Chez les femelles esturgeon, l’accumulation des réserves pour la formation d’ovocytes en vitellogénèse demande généralement deux ans (cycle plutôt biennal de reproduction). L’effort pour l’alimentation doit donc se faire« dans la durée ». Les mâles peuvent paraitre potentiellement moins pénalisés par une alimentation réduite à court ou moyen terme. Il n’en ait rien, car l’utilisation annuelle des mâles pour les reproductions (compte tenu de leur faible effectif) conduit à réduire de facto leur période d’alimentation de deux à 3 mois. Une alimentation insuffisante conduit à une fragilité des animaux, une qualité médiocre des gamètes (production de petits ovocytes, réduction des nombre, variabilité des développements…) et un décalage de la période de maturation pour les femelles.

Bromley et al. (2000) constate chez le turbot qu’un déficit d’alimentation 4 à 8 mois avant la période de reproduction a des effets très négatifs sur la qualité des ovocytes.

Tous les poissons ne sont pas forcément affectés de la même façon. Les plus adaptés aux conditions d’élevage, généralement dominants, continuent à s’alimenter convenablement, au détriment des autres poissons.

Il est donc important de nourrir les géniteurs au niveau requis (Rochard, 2011) et garantir leur bon état de santé pour espérer renouer avec le succès en matière de reproduction. De l’aliment (crevette) a été distribué aux poissons à partir de début juin dans les bassins de reproduction. L’alimentation dans les structures de reproduction est toutefois difficile à réaliser et ne peut être optimisée. Comme cela a été dit, les poissons y sont soumis à de nombreux stress limitant les quantités ingérées. De plus ils doivent disposer des réserves nécessaires, avant entrée en période de reproduction. Il est donc important qu’ils aient

31 achevé leur pleine croissance dans les bassins de grossissement avant transfert en structure de reproduction.

La gestion de l’élevage générant le moins de stress doit être recherchée, que ce soit en période de grossissement ou de reproduction. Il est préférable que le déplacement des animaux pour les reproductions s’effectue après atteinte par les femelles du stade 4 de la vitellogénèse. Ainsi les biopsies peuvent être limitées en nombre et sont réellement informatives.

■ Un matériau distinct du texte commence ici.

Theorem mainTheorem3 (R : realType) (kk : nat -> nat)
  (kpos : forall n, (0 < kk n)%N)
  (hk : forall eps : R, 0 < eps -> exists N : nat, forall n : nat, (N <= n)%N ->
          ((kk n ^ 2 * (kk n)`!)%N)%:R <= eps * Num.sqrt (n%:R)) :
  (forall eps : R, 0 < eps -> exists N : nat, forall n : nat, (N <= n)%N ->
     `| Exp R (@Lweak (kk n) n) - Exp R (@Lstrict (kk n) n) |
       <= eps * Num.sqrt ((n * kk n)%:R))
  /\
  (forall delta : R, 0 < delta -> forall eps : R, 0 < eps ->
     exists N : nat, forall n : nat, (N <= n)%N ->
       Prob R (fun s : mword (kk n) n =>
         delta * Num.sqrt ((n * kk n)%:R) <= (Lweak s)%:R - (Lstrict s)%:R) <= eps).
Proof.
split=> [eps eps_gt0 | delta delta_gt0 eps eps_gt0];
  have [e e01 e_le] := exists_pos_le1 eps_gt0; have /andP[e_gt0 e_le1] := e01.
- have half_e : 0 < e / 2 <= 1 by apply/andP; split; lra.
  have [N HN] := eventually_pattern_length kpos hk half_e e01.
  exists N => n /HN [r [/andP[r_gt0 r_le_n] r_le _ kn_le]].
  have := sqrtr_ge0 ((n * kk n)%:R : R).
  move: (Num.sqrt _) r_le kn_le => S r_le kn_le S_ge0.
  rewrite ger0_norm ?Exp_gap_ge0 // (le_trans (Exp_gap_le_pattern _ _ _ r)) //.
  have : (kk n * n)%:R * Prob R (@has_pattern (kk n) n r) <= e * (e / 2 * S).
    by apply: le_trans kn_le; rewrite ler_wpM2l ?ler0n ?Prob_has_pattern_le.
  have e2_ge0 : 0 <= e / 2 by lra.
  have : e * (e / 2 * S) <= e / 2 * S by rewrite ler_piMl // mulr_ge0.
  have : e * S <= eps * S by rewrite ler_wpM2r.
  lra.
- have [a a01 a_le] := exists_pos_le1 delta_gt0.
  have [N HN] := eventually_pattern_length kpos hk a01 e01.
  exists N => n /HN [r [/andP[r_gt0 r_le_n] r_le rho_le _]].
  have gap_le : 2 * r%:R <= delta * Num.sqrt (n * kk n)%:R.
    by apply: le_trans r_le _; rewrite ler_wpM2r ?sqrtr_ge0.
  apply: le_trans (Prob_gap_le_pattern _ _ gap_le) _.
  exact: le_trans (Prob_has_pattern_le _ _ r_gt0 r_le_n) (le_trans rho_le e_le).
Qed.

La saison 2015 a donc été marquée par l’impossibilité de faire ovuler les femelles.

Ceci implique que les femelles doivent résorber leurs ovocytes durant les mois à venir. Ce « travail physiologique et métabolique » semble délicat à gérer pour les femelles depuis quelques années.

Ceci amène une question importante sur la gestion de ces poissons. Doit-on essayer à tout prix de les leur faire évacuer les ovocytes ? Doit-on accompagner la femelle durant sa résorption et l’atrésie ? Doit-on maintenir la femelle dans des conditions qui puissent l’amener à maturer pour la saison suivante ? Doit-on envisager de réaliser des reproductions décalées ?

La gestion particulière de quelques géniteurs est possible dans Sturio 1, dans le cadre d’une stabulation à température basse pour amener le poisson jusqu’à la saison suivante. Ce type de stratégie est développée dans les élevages russes.

Cet aspect de la gestion des géniteurs post-reproduction est crucial dans le cas d’un stock à effectif réduit comme le nôtre. Le traitement de ces questions nécessite le recours à des compétences extérieures spécialistes de la reproduction des poissons, et idéalement des esturgeons.